- **ASSIGNMENT**
Search the entries below for "generators" and copy each matching line.

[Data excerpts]
(* Let $\mathfrak g$ be a Kac--Moody algebra over a field $F$ of characteristic $0$ of simply laced affine type (i.e. with diagram $A_n^+$ for $n\ge2$, $D_n^+$ for $n\ge4$, $E_6^+$, $E_7^+$ or $E_8^+$), let $\mathfrak k$ be its maximal compact subalgebra and let $\rho$ be a generalized spin representation of $\mathfrak k$. Let $\delta$ be the fundamental positive imaginary root (null root) of $\mathfrak g$ and $\mathfrak k_\delta:=\{x+\omega(x):x\in\mathfrak g_\delta\}$. Then $\ker\rho$ contains the ideal of $\mathfrak k$ generated by $\mathfrak k_\delta$.
   Context: $\mathfrak g$ is $Q$-graded, $Q=\bigoplus_i\mathbb Z v_i$, with $\deg e_i=v_i$, $\deg f_i=-v_i$, $\deg h_i=0$; $\mathfrak g_\alpha$ is the component of degree $\alpha$. For affine type, $\delta=\sum_i a_iv_i$ is the unique positive imaginary root with the standard marks $a_i$ (the smallest positive $\mathbb Z$-combination of simple roots annihilated by the Cartan matrix); e.g. for $A_n^+$ (a cycle on $n+1$ vertices) all $a_i=1$. $\omega$ is the Cartan--Chevalley involution ($e_i\mapsto-f_i$, $f_i\mapsto-e_i$, $h_i\mapsto-h_i$), $\mathfrak k$ its fixed points, generated by $X_i=e_i-f_i$ with relations $[X_i,[X_i,X_j]]=-X_j$ for adjacent and $[X_i,X_j]=0$ for non-adjacent $i\neq j$. With $L=F(I)$, $I^2=-1$, a generalized spin representation is a Lie algebra homomorphism $\rho:\mathfrak k\to\operatorname{End}(L^s)$ with $\rho(X_i)^2=-\tfrac14\mathrm{id}_s$ for all $i$. *)

From HB Require Import structures.
From mathcomp Require Import all_boot all_order all_algebra all_field.
Set Implicit Arguments. Unset Strict Implicit. Unset Printing Implicit Defensive.
Import Order.TTheory GRing.Theory Num.Theory.
Local Open Scope ring_scope.

Section KM.
Variable F : fieldType.

Definition is_lie (G : lmodType F) (br : G -> G -> G) : Prop :=
  [/\ (forall (a : F) x y z, br (a *: x + y) z = a *: br x z + br y z),
      (forall (a : F) x y z, br z (a *: x + y) = a *: br z x + br z y),
      (forall x, br x x = 0) &
      (forall x y z, br x (br y z) + br y (br z x) + br z (br x y) = 0)].

Definition is_lie_hom (G M : lmodType F) (brG : G -> G -> G) (brM : M -> M -> M)
  (phi : G -> M) : Prop :=
  (forall (a : F) x y, phi (a *: x + y) = a *: phi x + phi y) /\
  (forall x y, phi (brG x y) = brM (phi x) (phi y)).

Variable m : nat.

Definition serre_rel (A : 'M[int]_m) (G : lmodType F) (br : G -> G -> G)
  (e f h : 'I_m -> G) : Prop :=
  [/\ (forall i j, br (h i) (h j) = 0),
      (forall i j, br (h i) (e j) = (A i j)%:~R *: e j),
      (forall i j, br (h i) (f j) = - ((A i j)%:~R *: f j)),
      (forall i j, br (e i) (f j) = if i == j then h i else 0) &
      (forall i j, i != j -> iter `|1 - A i j|%N (br (e i)) (e j) = 0) /\
      (forall i j, i != j -> iter `|1 - A i j|%N (br (f i)) (f j) = 0)].

(* (G, br, e, f, h) is the Kac--Moody algebra g(A): the Lie algebra presented
   by generators e_i, f_i, h_i and the Chevalley--Serre relations, i.e. the
   initial object among Lie algebras with such elements. *)
Definition is_KM_algebra (A : 'M[int]_m) (G : lmodType F) (br : G -> G -> G)
  (e f h : 'I_m -> G) : Prop :=
  [/\ is_lie br, serre_rel A br e f h &
      forall (M : lmodType F) (brM : M -> M -> M) (e' f' h' : 'I_m -> M),
        is_lie brM -> serre_rel A brM e' f' h' ->
        (exists phi : G -> M, is_lie_hom br brM phi /\
           forall i, [/\ phi (e i) = e' i, phi (f i) = f' i & phi (h i) = h' i])
        /\ (forall phi1 phi2 : G -> M,
              is_lie_hom br brM phi1 -> is_lie_hom br brM phi2 ->
              (forall i, [/\ phi1 (e i) = e' i, phi1 (f i) = f' i & phi1 (h i) = h' i]) ->
              (forall i, [/\ phi2 (e i) = e' i, phi2 (f i) = f' i & phi2 (h i) = h' i]) ->
              forall x, phi1 x = phi2 x)].

Definition simple_root (i : 'I_m) : 'rV[int]_m := delta_mx 0 i.

(* homogeneous G (br) e f h alpha x : x lies in the root space g_alpha for the
   Q-grading deg e_i = v_i, deg f_i = -v_i, deg h_i = 0 (g_alpha is the span of
   the bracket monomials in the generators of degree alpha). *)
Inductive homogeneous (G : lmodType F) (br : G -> G -> G) (e f h : 'I_m -> G)
  : 'rV[int]_m -> G -> Prop :=
| homog0 alpha : homogeneous br e f h alpha 0
| homogD alpha x y : homogeneous br e f h alpha x -> homogeneous br e f h alpha y ->
    homogeneous br e f h alpha (x + y)
| homogZ alpha (c : F) x : homogeneous br e f h alpha x ->
    homogeneous br e f h alpha (c *: x)
| homog_e i : homogeneous br e f h (simple_root i) (e i)
| homog_f i : homogeneous br e f h (- simple_root i) (f i)
| homog_h i : homogeneous br e f h 0 (h i)
| homog_br alpha beta x y : homogeneous br e f h alpha x ->
    homogeneous br e f h beta y -> homogeneous br e f h (alpha + beta) (br x y).

(* Ideal of the subalgebra k = {x | omega x = x} generated by the set S (S ⊆ k):
   the smallest subspace containing S and stable under [y, _] for y in k. *)
Inductive in_k_ideal (G : lmodType F) (br : G -> G -> G) (omega : G -> G)
  (S : G -> Prop) : G -> Prop :=
| kid_gen x : S x -> in_k_ideal br omega S x
| kid0 : in_k_ideal br omega S 0
| kidD x y : in_k_ideal br omega S x -> in_k_ideal br omega S y ->
    in_k_ideal br omega S (x + y)
| kidZ (c : F) x : in_k_ideal br omega S x -> in_k_ideal br omega S (c *: x)
| kid_br y x : omega y = y -> in_k_ideal br omega S x ->
    in_k_ideal br omega S (br y x).

End KM.

Definition simply_laced (m : nat) (A : 'M[int]_m) : Prop :=
  forall i j, A i j = A j i /\
    (if i == j then A i j = 2%:Z else A i j = 0 \/ A i j = -1).

Definition indecomposable (m : nat) (A : 'M[int]_m) : Prop :=
  forall P : {set 'I_m}, P != set0 -> P != setT ->
    exists i j, [/\ i \in P, j \notin P & A i j != 0].

Definition positive_null (m : nat) (A : 'M[int]_m) (u : 'I_m -> nat) : Prop :=
  (forall i, (0 < u i)%N) /\
  (forall i, \sum_(j < m) A i j * (u j)%:Z = 0).

(* Affine type (Kac, Thm 4.3): indecomposable with a positive null vector. *)
Definition affine_type (m : nat) (A : 'M[int]_m) : Prop :=
  indecomposable A /\ exists u, positive_null A u.

(* The marks a_i of delta = sum a_i v_i : the smallest positive integral null
   vector of A. *)
Definition null_root_marks (m : nat) (A : 'M[int]_m) (a : 'I_m -> nat) : Prop :=
  positive_null A a /\ forall u, positive_null A u -> forall i, (a i <= u i)%N.

Definition null_root (m : nat) (a : 'I_m -> nat) : 'rV[int]_m :=
  \row_i (a i)%:Z.

(* Put X_i = e_i - f_i and gam_i = rho(X_i), so that gam_i^2 = -1/4.  As A is
   simply laced, the Serre relations of k force
       gam_j gam_i = (-1)^(a_ji) gam_i gam_j.
   For x in n^+_alpha put M = rho(x + omega x).  Induction on the height of
   alpha, based on the identity
       [e_i, x] + omega [e_i, x] = [X_i, x + omega x] + ([f_i, x] + omega [f_i, x])
   and on [f_i, x] lying in n^+_(alpha - v_i) + h, shows that
   gam_j M = (-1)^(v_j, alpha) M gam_j and that M = 0 whenever 4 divides
   (alpha, alpha).  By the triangular decomposition
   g_alpha = n^+_alpha + n^-_alpha + h_alpha, with omega exchanging n^- and n^+,
   rho then vanishes on k_alpha for every such alpha; in particular on k_delta,
   as (delta, delta) = 0.  Finally the kernel of the Lie homomorphism rho is an
   ideal of k. *)

From HB Require Import structures.
From mathcomp Require Import all_boot all_order all_algebra all_field.
From mathcomp Require Import zify.
Import Order.TTheory GRing.Theory Num.Theory.
Local Open Scope ring_scope.
Set Implicit Arguments. Unset Strict Implicit. Unset Printing Implicit Defensive.

Section LieCalculus.
Variables (F : fieldType) (G : lmodType F) (br : G -> G -> G).
Hypothesis lieG : is_lie br.

Lemma brDl x y z : br (x + y) z = br x z + br y z.
Proof. by have [lin _ _ _] := lieG; rewrite -(scale1r x) lin !scale1r. Qed.
Lemma brDr x y z : br z (x + y) = br z x + br z y.
Proof. by have [_ lin _ _] := lieG; rewrite -(scale1r x) lin !scale1r. Qed.
Lemma br0l z : br 0 z = 0.
Proof. by apply: (addrI (br 0 z)); rewrite -brDl !addr0. Qed.
Lemma br0r z : br z 0 = 0.
Proof. by apply: (addrI (br z 0)); rewrite -brDr !addr0. Qed.
Lemma brZl c x z : br (c *: x) z = c *: br x z.
Proof. by have [lin _ _ _] := lieG; rewrite -(addr0 (c *: x)) lin br0l addr0. Qed.
Lemma brZr c x z : br z (c *: x) = c *: br z x.
Proof. by have [_ lin _ _] := lieG; rewrite -(addr0 (c *: x)) lin br0r addr0. Qed.
Lemma brNl x z : br (- x) z = - br x z.
Proof. by rewrite -scaleN1r brZl scaleN1r. Qed.
Lemma brNr x z : br z (- x) = - br z x.
Proof. by rewrite -scaleN1r brZr scaleN1r. Qed.
Lemma brBl x y z : br (x - y) z = br x z - br y z.
Proof. by rewrite brDl brNl. Qed.
Lemma brBr x y z : br z (x - y) = br z x - br z y.
Proof. by rewrite brDr brNr. Qed.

- **FINISHED EXERCISE**
   by generators e_i, f_i, h_i and the Chevalley--Serre relations, i.e. the
   the bracket monomials in the generators of degree alpha). *)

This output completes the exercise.